La cabeza despeinada emergió de la remera de Mickey. Lucía le puso la colonia con que lo habían perfumado por primera vez en la nursery de la clínica. El olor le quedaría en las manos hasta la noche. En otra época usaba perfumes exóticos, de cítricos y maderas. Ahora olía como todos los bebés que nacían en la Clínica Bazterrica.
– Vamos a abrir la persiana que ya es de día -le dijo a Felipe, que empezó a jugar con el cordón de la cortina hasta que ella le puso un oso de peluche en cada mano. Al salir de la habitación se clavó la punta de la mesa de luz en el muslo.
– Papá -dijo Felipe señalando el bulto informe que roncaba bajo la sábana. Agitó su manito, adiós.
– Sí -dijo Lucía-, papá.
Hundió la cara en la nuca blanda. Por debajo de la colonia había un suave olor a azufre.
Dejó a Felipe en el piso del baño y abrió la canilla.
– Ahora mamá va a bañarse mientras vos jugás acá con Barny y Donald. Después vamos al jardín.
Felipe se apoyó en el borde de la bañadera empuñando un ejemplar despedazado de Alí Baba y los cuarenta ladrones que acababa de encontrar en el canasto de la ropa sucia.
– No, ahora mamá no puede leer.
El libro cayó al agua. Después cayeron Barny, Donald, el champú, la jabonera y la crema de enjuague. Como ya no tenía nada más que tirar, Felipe señalaba las páginas mojadas y lloraba. El chupete. ¿Dónde había quedado el chupete?
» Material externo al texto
Lemma sum_card_children (f : {ffun V -> option V}) (A : {set V}) :
  \sum_(x in A) #|children f x| = #|[set y | [exists x in A, f y == Some x]]|.
Proof.
apply/esym; rewrite -sum1_card.
rewrite (partition_big (fun y => odflt u (f y)) (fun x => x \in A)); last first.
  by move=> y; rewrite inE => /existsP[x /andP[xA /eqP ->]].
apply: eq_bigr => x xA; rewrite -sum1_card; apply: eq_bigl => y; rewrite !inE.
case fy: (f y) => [x'|] /=; last by apply/negP => /andP[/existsP[z /andP[_]]].
apply/andP/eqP => [[_ /eqP ->] // | [->]]; split => //.
by apply/existsP; exists x; rewrite xA eqxx.
Qed.

Lemma sum_card_children_le (f : {ffun V -> option V}) (A : {set V}) :
  \sum_(x in A) #|children f x| <= #|parented f|.
Proof.
rewrite sum_card_children; apply/subset_leq_card/subsetP => y.
by rewrite !inE => /existsP[x /andP[_ /eqP ->]].
Qed.

Definition expands_into (Tree Last : {set V}) (K s : nat) :=
  forall U : {set V}, U \subset Last -> K * (#|Last| - #|U|) < s -> s <= #|nbr G U :\: Tree|.

Lemma parent_assignment_extend Tree Last K s f x y :
  parent_assignment Tree Last K s f -> #|parented f| < s ->
  x \in Last -> #|children f x| < K -> G x y -> y \notin Tree -> f y = None ->
  exists2 f', parent_assignment Tree Last K s f' & #|parented f'| = #|parented f|.+1.
Proof.
move=> /and3P[/forallP fP /forallP fK _] fs xL xK Gxy yT fy.
pose f' : {ffun V -> option V} := [ffun z => if z == y then Some x else f z].
have ydom : y \notin parented f by rewrite inE fy.
have dom' : parented f' = y |: parented f.
  by apply/setP => z; rewrite !inE ffunE; case: (z == y).
exists f'; last by rewrite dom' cardsU1 ydom.
apply/and3P; split; last by rewrite dom' cardsU1 ydom.
  by apply/forallP => z; rewrite ffunE; case: eqP => [->|_]; [rewrite xL Gxy yT|exact: fP].
apply/forallP => x0; case: (eqVneq x0 x) => [->|nx].
  rewrite (_ : children f' x = y |: children f x); first by rewrite cardsU1; lia.
  by apply/setP => z; rewrite !inE ffunE; case: (z =P y) => [->|]; rewrite ?eqxx.
rewrite (_ : children f' x0 = children f x0); first exact: fK.
apply/setP => z; rewrite !inE ffunE; case: (z =P y) => [->|//].
by rewrite fy /=; apply/negbTE; apply: contra nx => /eqP[->].
Qed.

(* In a maximal assignment, the parents [U] with spare capacity are so many
   that [nbr G U :\: Tree] would contain an unassigned vertex to attach. *)
Lemma parent_assignment_full Tree Last K s :
  expands_into Tree Last K s ->
  exists2 f, parent_assignment Tree Last K s f & #|parented f| = s.
Proof.
move=> expand.
have f0P : parent_assignment Tree Last K s [ffun=> None].
  apply/and3P; split; first by apply/forallP => y; rewrite ffunE.
    apply/forallP => x; rewrite (_ : children _ x = set0) ?cards0 //.
    by apply/setP => y; rewrite !inE ffunE.
  by rewrite (_ : parented _ = set0) ?cards0 //; apply/setP => y; rewrite !inE ffunE.
case: (arg_maxnP (fun f => #|parented f|) f0P) => f fP fmax.
exists f => //; apply/eqP; rewrite eqn_leq; case/and3P: (fP) => _ _ -> /=.
rewrite leqNgt; apply/negP => small.
pose U := [set x in Last | #|children f x| < K].
have sub : nbr G U :\: Tree \subset parented f.
  apply/subsetP => y; rewrite !inE => /andP[yT /existsP[x /andP[]]].
  rewrite inE => /andP[xL xK] Gxy; case fy: (f y) => [//|].
  have [f' f'P f'card] := parent_assignment_extend fP small xL xK Gxy yT fy.
  by have := fmax f' f'P; rewrite f'card; lia.
have full : K * #|Last :\: U| <= #|parented f|.
  apply: leq_trans (sum_card_children_le f (Last :\: U)).
  rewrite mulnC -sum_nat_const; apply: leq_sum => x; rewrite !inE => /andP[].
  by rewrite negb_and => /orP[/negP//|]; rewrite -leqNgt.
have UL : U \subset Last by apply/subsetP => x; rewrite inE => /andP[].
rewrite cardsDS // in full.
by have := expand U UL ltac:(lia); have := subset_leq_card sub; lia.
Qed.

Definition extend_paths (f : {ffun V -> option V}) (P : V -> seq V) v :=
  if f v is Some x then rcons (P x) v else P v.

Lemma extend_paths_load Tree Last K s f P B w :
  parent_assignment Tree Last K s f -> #|[set v in Last | w \in P v]| <= B ->
  #|[set v in parented f | w \in extend_paths f P v]| <= K * B + 1.
Proof.
move=> fP load; have /and3P[_ /forallP fK _] := fP.
pose A := [set x in Last | w \in P x].
apply: (@leq_trans #|[set y | [exists x in A, f y == Some x]] :|: [set w]|).
  apply/subset_leq_card/subsetP => v; rewrite !inE /extend_paths.
  case fv: (f v) => [x|] //=; rewrite mem_rcons inE => /predU1P[->|wP].
    by rewrite eqxx orbT.
  apply/orP; left; apply/existsP; exists x; rewrite eqxx andbT inE wP andbT.
  by case: (parent_assignmentP fP fv).
apply: (leq_trans (leq_card_setU _ _)); rewrite cards1 leq_add2r -sum_card_children.
apply: (@leq_trans (\sum_(x in A) K)); first by apply: leq_sum => x _; apply: fK.
by rewrite sum_nat_const mulnC leq_mul2l load orbT.
Qed.

Lemma path_system_step j Tree Last P B b K s f :
  path_system j Tree Last P B b -> parent_assignment Tree Last K s f ->
  path_system j.+1 (Tree :|: parented f) (parented f) (extend_paths f P) (K * B + 1) (~~ b)
  /\ [disjoint parented f & Tree].
Proof.
move=> [uT LT Ppath Lcol Lload] fP.
split; last first.
  rewrite disjoint_subset; apply/subsetP => y; rewrite inE.
  by case fy: (f y) => [x|] // _; case: (parent_assignmentP fP fy).
split.
- by rewrite inE uT.
- exact: subsetUr.
- move=> v; rewrite inE /extend_paths; case fv: (f v) => [x|].
    case: (parent_assignmentP fP fv) => xL Gxv vT _.
    have [[pa [la ua]] sz sb] := Ppath x (subsetP LT x xL).
    split; first split; [|split| |].
    + by rewrite rcons_path pa la Gxv.
    + by rewrite last_rcons.
    + rewrite -rcons_cons rcons_uniq ua andbT inE negb_or.
      by apply/andP; split; [apply: contraNneq vT => -> | apply: contra vT => /sb].
    + by rewrite size_rcons.
    + move=> w; rewrite mem_rcons inE => /predU1P[->|/sb wT].
        by rewrite !inE fv orbT.
      by rewrite inE wT.
  case/orP => [vT|]; last by rewrite inE fv.
  have [pp sz sb] := Ppath v vT; split => //; first exact: leqW.
  by move=> w /sb wT; rewrite inE wT.
- move=> v; rewrite inE; case fv: (f v) => [x|] // _.
  case: (parent_assignmentP fP fv) => xL Gxv _.
  by move: (Gcol Gxv); rewrite (Lcol x xL); case: (col v); case: (b).
- by move=> w wu; apply: extend_paths_load fP (Lload w wu).
Qed.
Felipe salió del baño pero no volvió con el chupete sino con un papanoel de felpa y los osos de peluche, que también fueron a parar al agua.
– Ahora mamá va a lavarse la cabeza -siguió Lucía sin mirar los muñecos cubiertos de espuma. Desde que Felipe había nacido, mucho antes de que pareciera entenderla, se había convertido en una relatora de sí misma-. Ahora mamá se seca.
Se miraron por el espejo del baño. Vio la cara sonriente de su hijo y después un cuerpo desconocido, con una marca roja en el muslo. Salió de la bañadera y se envolvió en la toalla.
Se puso los zapatos mientras Felipe le tironeaba la toalla de la cabeza. Llegaban tarde. Buscó el bolso y de repente se encorvó husmeando el aire como un gato. Había dejado el pañal sucio en el cuarto. Felipe lloraba y daba golpecitos en la puerta para salir. El chupete también estaba sobre el cambiador.